Then comes the working group meetings, like the BPDG. The BPDG was nominally set up to set up the rules for the Broadcast Flag. Under the Flag, manufacturers would be required to limit their "outputs and recording methods" to a set of "approved technologies." Naturally, every manufacturer in the room showed up with a technology to add to the list of approved technologies -- and the sneakier ones showed up with reasons why their competitors' technologies shouldn't be approved. If the Broadcast Flag became law, a spot on the "approved technologies" list would be a license to print money: everyone who built a next-gen digital TV would be required, by law, to buy only approved technologies for their gear.

The CPTWG determined that there would be three "chairmen" of the meetings: A representative from the broadcasters, a representative from the studios, and a representative from the IT industry (note that no "consumer rights" chair was contemplated -- we proposed one and got laughed off the agenda). The IT chair was filled by an Intel representative, who seemed pleased that the MPAA chair, Fox Studios' Andy Setos, began the process by proposing that the approved technologies should include only two technologies, both of which Intel partially owned.

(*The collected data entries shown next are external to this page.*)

Definition legendre_moment (l : nat) := int11 (fun x => legendre l x * / axis_dist t x).

(* [- axis_dist t / t] is a primitive of the kernel. *)
Lemma legendre_moment_0 : legendre_moment 0 = 2.
Proof.
  assert (H : is_RInt (fun x => / axis_dist t x) (-1) 1
                (minus (- axis_dist t 1 / t) (- axis_dist t (-1) / t))).
  { apply (is_RInt_derive (V := R_CompleteNormedModule) (fun x => - axis_dist t x / t));
      intros x Hx; rewrite Rmin_left, Rmax_right in Hx by lra.
    - apply (is_derive_ext (fun y => (- / t) * axis_dist t y)).
      { intros y. match goal with |- ?a = ?b => change (@eq R a b) end. field. lra. }
      pose proof (axis_dist_pos x Hx).
      replace (/ axis_dist t x) with ((- / t) * (- t * / axis_dist t x)) by (field; lra).
      apply (is_derive_scal (axis_dist t) x (- / t)), is_derive_axis_dist, Hx.
    - apply cont11_inv_axis_dist, Hx. }
  apply (is_RInt_unique (V := R_CompleteNormedModule)) in H.
  unfold legendre_moment. simpl legendre.
  rewrite (int11_ext _ (fun x => / axis_dist t x)) by (intros; ring).
  unfold int11. rewrite H. unfold minus, plus, opp; simpl. rewrite axis_dist_at_1, axis_dist_at_m1. field. lra.
Qed.

Lemma int11_dlegendre_mul_axis_dist j : int11 (fun x => dlegendre j x * axis_dist t x) =
  (1 - t) - (-1) ^ j * (1 + t) + t * legendre_moment j.
Proof.
  rewrite (int11_by_parts (legendre j) (dlegendre j) (axis_dist t) (fun x => - t * / axis_dist t x)).
  - rewrite axis_dist_at_1, axis_dist_at_m1, legendre_at_1, legendre_at_m1.
    unfold legendre_moment.
    rewrite (int11_ext _ (fun x => (- t) * (legendre j x * / axis_dist t x))) by (intros; ring).
    rewrite int11_scal by solve_cont11. ring.
  - intros x Hx. split; [apply is_derive_legendre | apply is_derive_axis_dist, Hx].
  - solve_cont11.
  - solve_cont11.
Qed.
Lemma Cyclotomic_dvd (F : numFieldType) n (z : F) (P : {poly int}) :
  n.-primitive_root z -> root (map_poly intr P) z -> 'Phi_n %| P.
Proof.
move=> z_prim P_root; rewrite -dvdp_rat_int.
set PhiQ := map_poly intr 'Phi_n; set g := gcdp (map_poly intr P) PhiQ.
have PhiQ_neq0 : PhiQ != 0.
  by rewrite -size_poly_eq0 size_rat_int_poly size_poly_eq0 monic_neq0 ?Cyclotomic_monic.
have g_root : root (map_poly (ratr : rat -> F) g) z.
  by rewrite gcdp_map root_gcd !map_ratr_intr P_root root_Cyclotomic.
have g_size : size (map_poly (ratr : rat -> algC) g) != 1%N.
  rewrite size_map_poly -(size_map_poly (ratr : {rmorphism rat -> F})).
  rewrite gtn_eqF // (root_size_gt1 _ g_root) // map_poly_eq0.
  by rewrite gcdp_eq0 negb_and PhiQ_neq0 orbT.
(* Phi_n is known to be minimal only for the primitive roots in algC, so move z
   to a complex algebraic root zc of gcd(P, Phi_n). *)
have /closed_rootP[zc zc_root] := g_size.
have zc_prim : n.-primitive_root zc.
  have [z0 z0_prim] := C_prim_root_exists (prim_order_gt0 z_prim).
  rewrite -(root_cyclotomic z0_prim) -(Cintr_Cyclotomic z0_prim) -map_ratr_intr.
  by apply: root_dvdp zc_root; rewrite dvdp_map dvdp_gcdr.
rewrite -(Cyclotomic_minpoly _ zc_prim).
by apply: root_dvdp zc_root; rewrite dvdp_map dvdp_gcdl.
Qed.

Lemma map_Cyclotomic_prime_mul p q : prime p -> prime q -> p != q ->
  map_poly (intr : int -> 'F_q) 'Phi_(p * q) = (\sum_(i < p) 'X^i) ^+ q.-1.
Proof.
move=> p_pr q_pr pq_neq; set J : {poly 'F_q} := \sum_(i < p) 'X^i.
have J_Phi : map_poly intr 'Phi_p = J.
  by rewrite Cyclotomic_prime // rmorph_sum; apply: eq_bigr => i _ /=; rewrite map_polyXn.
have J_neq0 : J != 0 by rewrite -J_Phi monic_neq0 // monic_map // Cyclotomic_monic.
apply: (mulfI J_neq0); rewrite -exprS prednK ?prime_gt0 //.
have qFrob : q \in [pchar {poly 'F_q}] by rewrite pchar_poly pchar_Fp.
rewrite -J_Phi -rmorphM Cyclotomic_prime_mul // J_Phi -(pFrobenius_autE qFrob).
rewrite !rmorph_sum; apply: eq_bigr => i _ /=.
by rewrite map_polyXn pFrobenius_autE -exprM.
Qed.

Section ClassSums.
Variables (K : nzRingType) (p N : nat).

Definition class_sum (r : nat) (F : {poly K}) : K := \sum_(i < N | (i %% p)%N == r) F`_i.

Lemma class_sumB r (F1 F2 : {poly K}) :
  class_sum r (F1 - F2) = class_sum r F1 - class_sum r F2.
Proof. by rewrite /class_sum -sumrB; apply: eq_bigr => i _; rewrite coefB. Qed.

Lemma class_sumZ r c (F : {poly K}) : class_sum r (c *: F) = c * class_sum r F.
Proof. by rewrite /class_sum mulr_sumr; apply: eq_bigr => i _; rewrite coefZ. Qed.

Lemma class_sum_widen M r (F : {poly K}) : (size F <= M)%N -> (M <= N)%N ->
  class_sum r F = \sum_(i < M | (i %% p)%N == r) F`_i.
Proof.
move=> F_size M_le_N; rewrite /class_sum -(subnKC M_le_N) big_split_ord /=.
rewrite [X in _ + X]big1 ?addr0 // => i _.
by rewrite nth_default // (leq_trans F_size) ?leq_addr.
Qed.

Lemma class_sum_mulXn r (F : {poly K}) : (size F + p <= N)%N ->
  class_sum r (F * 'X^p) = class_sum r F.
Proof.
move=> F_size; have p_le_N : (p <= N)%N by rewrite (leq_trans _ F_size) ?leq_addl.
rewrite (@class_sum_widen (N - p)%N r F) ?leq_subr //; last by rewrite leq_subRL // addnC.
rewrite /class_sum; move: (N - p)%N (subnKC p_le_N) => M <-.
rewrite big_split_ord /= big1 ?add0r => [|i _]; last by rewrite coefMXn ltn_ord.
by apply: eq_big => [i|i _]; rewrite ?modnDl // coefMXn ltnNge leq_addr addKn.
Qed.
Definition nonzero_residues (K : Z) : list Z := map Z.of_nat (seq 1 (Z.to_nat K - 1)).

Lemma in_nonzero_residues K x : In x (nonzero_residues K) <-> 1 <= x <= K - 1.
Proof.
  unfold nonzero_residues. rewrite in_map_iff. split.
  - intros [n [<- Hn]]. apply in_seq in Hn. lia.
  - intros H. exists (Z.to_nat x). rewrite in_seq. lia.
Qed.

Lemma sumZ_seq_succ f n :
  sumZ f (map Z.of_nat (seq 1 (S n))) = sumZ f (map Z.of_nat (seq 1 n)) + f (Z.of_nat (S n)).
Proof. rewrite seq_S, map_app, sumZ_app. simpl. ring. Qed.

Lemma sum_nonzero_residues K : 1 <= K ->
  2 * sumZ (fun x => x) (nonzero_residues K) = (K - 1) * K.
Proof.
  intros HK. unfold nonzero_residues.
  replace K with (Z.of_nat (Z.to_nat K - 1) + 1) at 2 3 by lia.
  induction (Z.to_nat K - 1)%nat as [|n IH]; [reflexivity|].
  rewrite sumZ_seq_succ, Z.mul_add_distr_l, IH. lia.
Qed.

Lemma sum_sq_nonzero_residues K : 1 <= K ->
  6 * sumZ (fun x => x * x) (nonzero_residues K) = (K - 1) * K * (2 * K - 1).
Proof.
  intros HK. unfold nonzero_residues.
  replace K with (Z.of_nat (Z.to_nat K - 1) + 1) at 2 3 4 by lia.
  induction (Z.to_nat K - 1)%nat as [|n IH]; [reflexivity|].
  rewrite sumZ_seq_succ, Z.mul_add_distr_l, IH. lia.
Qed.

Lemma divide_small_eq0 K z : (K | z) -> -K < z < K -> z = 0.
Proof.
  intros Hd Hz. destruct (Z.eq_dec z 0) as [|Hnz]; auto.
  apply Zdivide_bounds in Hd; lia.
Qed.

Section MulByUnit.
Variables K a : Z.
Hypothesis Ha : Z.gcd a K = 1.

Lemma divide_of_divide_mul_unit z : (K | a * z) -> (K | z).
Proof. intros H. apply (Z.gauss _ a); auto. now rewrite Z.gcd_comm. Qed.

Lemma mul_mod_in_nonzero_residues x : 1 <= x <= K - 1 -> 1 <= (a * x) mod K <= K - 1.
Proof.
  intros Hx. pose proof (Z.mod_pos_bound (a * x) K ltac:(lia)).
  enough ((a * x) mod K <> 0) by lia. intros H0.
  apply Z.mod_divide, divide_of_divide_mul_unit, divide_small_eq0 in H0; lia.
Qed.

Lemma mul_mod_inj x y : 1 <= x <= K - 1 -> 1 <= y <= K - 1 ->
  (a * x) mod K = (a * y) mod K -> x = y.
Proof.
  intros Hx Hy Hxy. enough (x - y = 0) by lia.
  apply (divide_small_eq0 K); [|lia].
  apply divide_of_divide_mul_unit. rewrite Z.mul_sub_distr_l.
  apply Z.mod_divide; [lia|]. now rewrite Zminus_mod, Hxy, Z.sub_diag.
Qed.
Lemma rel_lift_solution : exists h : NT T E,
  [/\ forall c t a, h c (t, m c a) = u c (t, a),
      forall c y, h c (endpt k c, y) = v c y &
      forall c x, q c (h c x) = w c x].
Proof.
have [r r_full] := rel_lift_full.
have Dx c (x : T c) : rel_dom k (rl_dom r) x by left; apply: r_full.
exists (Build_NT (fun c d f x => proj1 (rl_lift r) c d f x (Dx d x))).
by split=> [||c x]; [apply: rl_map_u|apply: rl_map_v|apply: (proj2 (rl_lift r))].
Qed.

End RelativeLifts.

Lemma kan_fib_endpoint_pp_lifts k (A B E Y : sSet) (m : NT A B) (q : NT E Y) :
  mono m -> kan_fib q -> endpoint_pp_lifts k m q.
Proof. by move=> m_mono q_kan u v w; apply: rel_lift_solution. Qed.

(** * The right adjoint of restriction along [blacktriangle] *)

Definition ran_act (E : sSet) (c d : SL) (f : chom SL c d)
  (xi : NT (restrict blacktriangle (yo d)) E) : NT (restrict blacktriangle (yo c)) E.
Proof.
refine (@Build_NT Delta (restrict blacktriangle (yo c)) E (fun n phi => xi n (ccomp f phi)) _).
by move=> n n' g phi /=; rewrite -nt_nat /=; congr (xi _ _); apply: ccomp_assoc.
Defined.

Definition Ran (E : sSet) : slPSh.
Proof.
refine {| ps := fun c => NT (restrict blacktriangle (yo c)) E; act := @ran_act E |}.
- by move=> c xi; apply: nt_ext => n phi /=; congr (xi _ _); apply: sig_ext.
- by move=> a b c f g xi; apply: nt_ext => n phi /=; congr (xi _ _); apply: sig_ext.
Defined.

Definition ran_map (E Y : sSet) (q : NT E Y) : NT (Ran E) (Ran Y).
Proof.
refine (@Build_NT SL (Ran E) (Ran Y) (fun c xi => ntcomp q xi) _).
by move=> c d f xi; apply: nt_ext.
Defined.

Definition ran_counit (E : sSet) : NT (restrict blacktriangle (Ran E)) E.
Proof.
refine (@Build_NT Delta (restrict blacktriangle (Ran E)) E
  (fun n xi => xi n (cid (tri n : SL))) _).
move=> n n' g xi /=; rewrite -nt_nat /=; congr (xi _ _); apply: sig_ext.
Defined.

Definition ran_counit_inv_at (E : sSet) n (x : E n) : Ran E (tri n : SL).
Proof.
refine (@Build_NT Delta (restrict blacktriangle (yo (tri n : SL))) E
  (fun n' phi => act E (untri_map phi) x) _).
by move=> a b g phi /=; rewrite -act_comp; congr (act E _ x); apply: sig_ext.
Defined.

Definition ran_counit_inv (E : sSet) : NT E (restrict blacktriangle (Ran E)).
Proof.
refine (@Build_NT Delta E (restrict blacktriangle (Ran E)) (@ran_counit_inv_at E) _).
move=> a b g x; apply: nt_ext => n phi /=; rewrite -act_comp.
by congr (act E _ x); apply: sig_ext.
Defined.

Lemma ran_counit_invK (E : sSet) n (x : E n) : ran_counit E n (ran_counit_inv E n x) = x.
Proof. by rewrite /= -[RHS]act_id; congr (act E _ x); apply: sig_ext. Qed.

Definition ran_adjunct (G : slPSh) (E : sSet) (u : NT G (Ran E)) :
  NT (restrict blacktriangle G) E := ntcomp (ran_counit E) (restrict_nt blacktriangle u).

Definition ran_transpose_at (G : slPSh) (E : sSet) (v : NT (restrict blacktriangle G) E)
  c (y : G c) : Ran E c.
Proof.
refine (@Build_NT Delta (restrict blacktriangle (yo c)) E (fun n phi => v n (act G phi y)) _).
by move=> a b g phi /=; rewrite -nt_nat /= -act_comp.
Defined.

Definition ran_transpose (G : slPSh) (E : sSet) (v : NT (restrict blacktriangle G) E) :
  NT G (Ran E).
Proof.
refine (@Build_NT SL G (Ran E) (ran_transpose_at v) _).
by move=> c d f y; apply: nt_ext => n phi /=; rewrite -act_comp.
Defined.

Lemma ran_eval (G : slPSh) (E : sSet) (u : NT G (Ran E)) c y n phi :
  u c y n phi = ran_adjunct u n (act G phi y).
Proof. by rewrite /= (nt_nat u) /=; congr (u c y n _); apply: sig_ext. Qed.

Definition restrict_prod (A : slPSh) :
  NT (prodP sIntv (restrict blacktriangle A)) (restrict blacktriangle (prodP Intv A)) :=
  @Build_NT Delta (prodP sIntv (restrict blacktriangle A)) (restrict blacktriangle (prodP Intv A))
    (fun n x => x) (fun _ _ _ _ => erefl).

Definition restrict_prod_inv (A : slPSh) :
  NT (restrict blacktriangle (prodP Intv A)) (prodP sIntv (restrict blacktriangle A)) :=
  @Build_NT Delta (restrict blacktriangle (prodP Intv A)) (prodP sIntv (restrict blacktriangle A))
    (fun n x => x) (fun _ _ _ _ => erefl).

Definition restrict_unit_prod (A : slPSh) :
  NT (restrict blacktriangle A) (restrict blacktriangle (prodP (termP SL) A)) :=
  @Build_NT Delta (restrict blacktriangle A) (restrict blacktriangle (prodP (termP SL) A))
    (fun n a => (tt, a)) (fun _ _ _ _ => erefl).

Lemma ran_kan_fib (E Y : sSet) (q : NT E Y) : kan_fib q -> cub_fib (ran_map q).
Proof.
move=> q_kan k A B m m_mono u v w uv uw vw.
have [||||h [h_m h_end h_q]] := kan_fib_endpoint_pp_lifts (k := k)
    (m := restrict_nt blacktriangle m) _ q_kan
    (u := ntcomp (ran_adjunct u) (restrict_prod A))
    (v := ntcomp (ran_adjunct v) (restrict_unit_prod B))
    (w := ntcomp (ran_adjunct w) (restrict_prod B)).
- by move=> n; apply: m_mono.
- by move=> n a /=; rewrite (uv _ tt).
- by move=> n t a /=; rewrite -uw.
- by move=> n b /=; rewrite -(vw _ tt).
exists (ran_transpose (ntcomp h (restrict_prod_inv B))); split; [|split].
- move=> c i a; apply: nt_ext => n phi /=.
  by rewrite -(nt_nat m) h_m (ran_eval u).
- move=> c [] b; apply: nt_ext => n phi /=.
  have -> : SLcomp (const_hom c k) phi = endpt k n by apply: sig_ext.
  by rewrite h_end (ran_eval v).
- move=> c [i b]; apply: nt_ext => n phi /=.
  by rewrite h_q (ran_eval w).
Qed.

Intel's presence on the committee was both reassurance and threat: reassurance because Intel signaled the fundamental reasonableness of the MPAA's requirements -- why would a company with a bigger turnover than the whole movie industry show up if the negotiations weren't worth having? Threat because Intel was poised to gain an advantage that might be denied to its competitors.

We settled in for a long negotiation. The discussions were drawn out and heated. At regular intervals, the MPAA reps told us that we were wasting time -- if we didn't hurry things along, the world would move on and consumers would grow accustomed to un-crippled digital TVs. Moreover, Rep Billy Tauzin, the lawmaker who'd evidently promised to enact the Broadcast Flag into law, was growing impatient. The warnings were delivered in quackspeak, urgent and crackling, whenever the discussions dragged, like the crack of the commissars' pistols, urging us forward.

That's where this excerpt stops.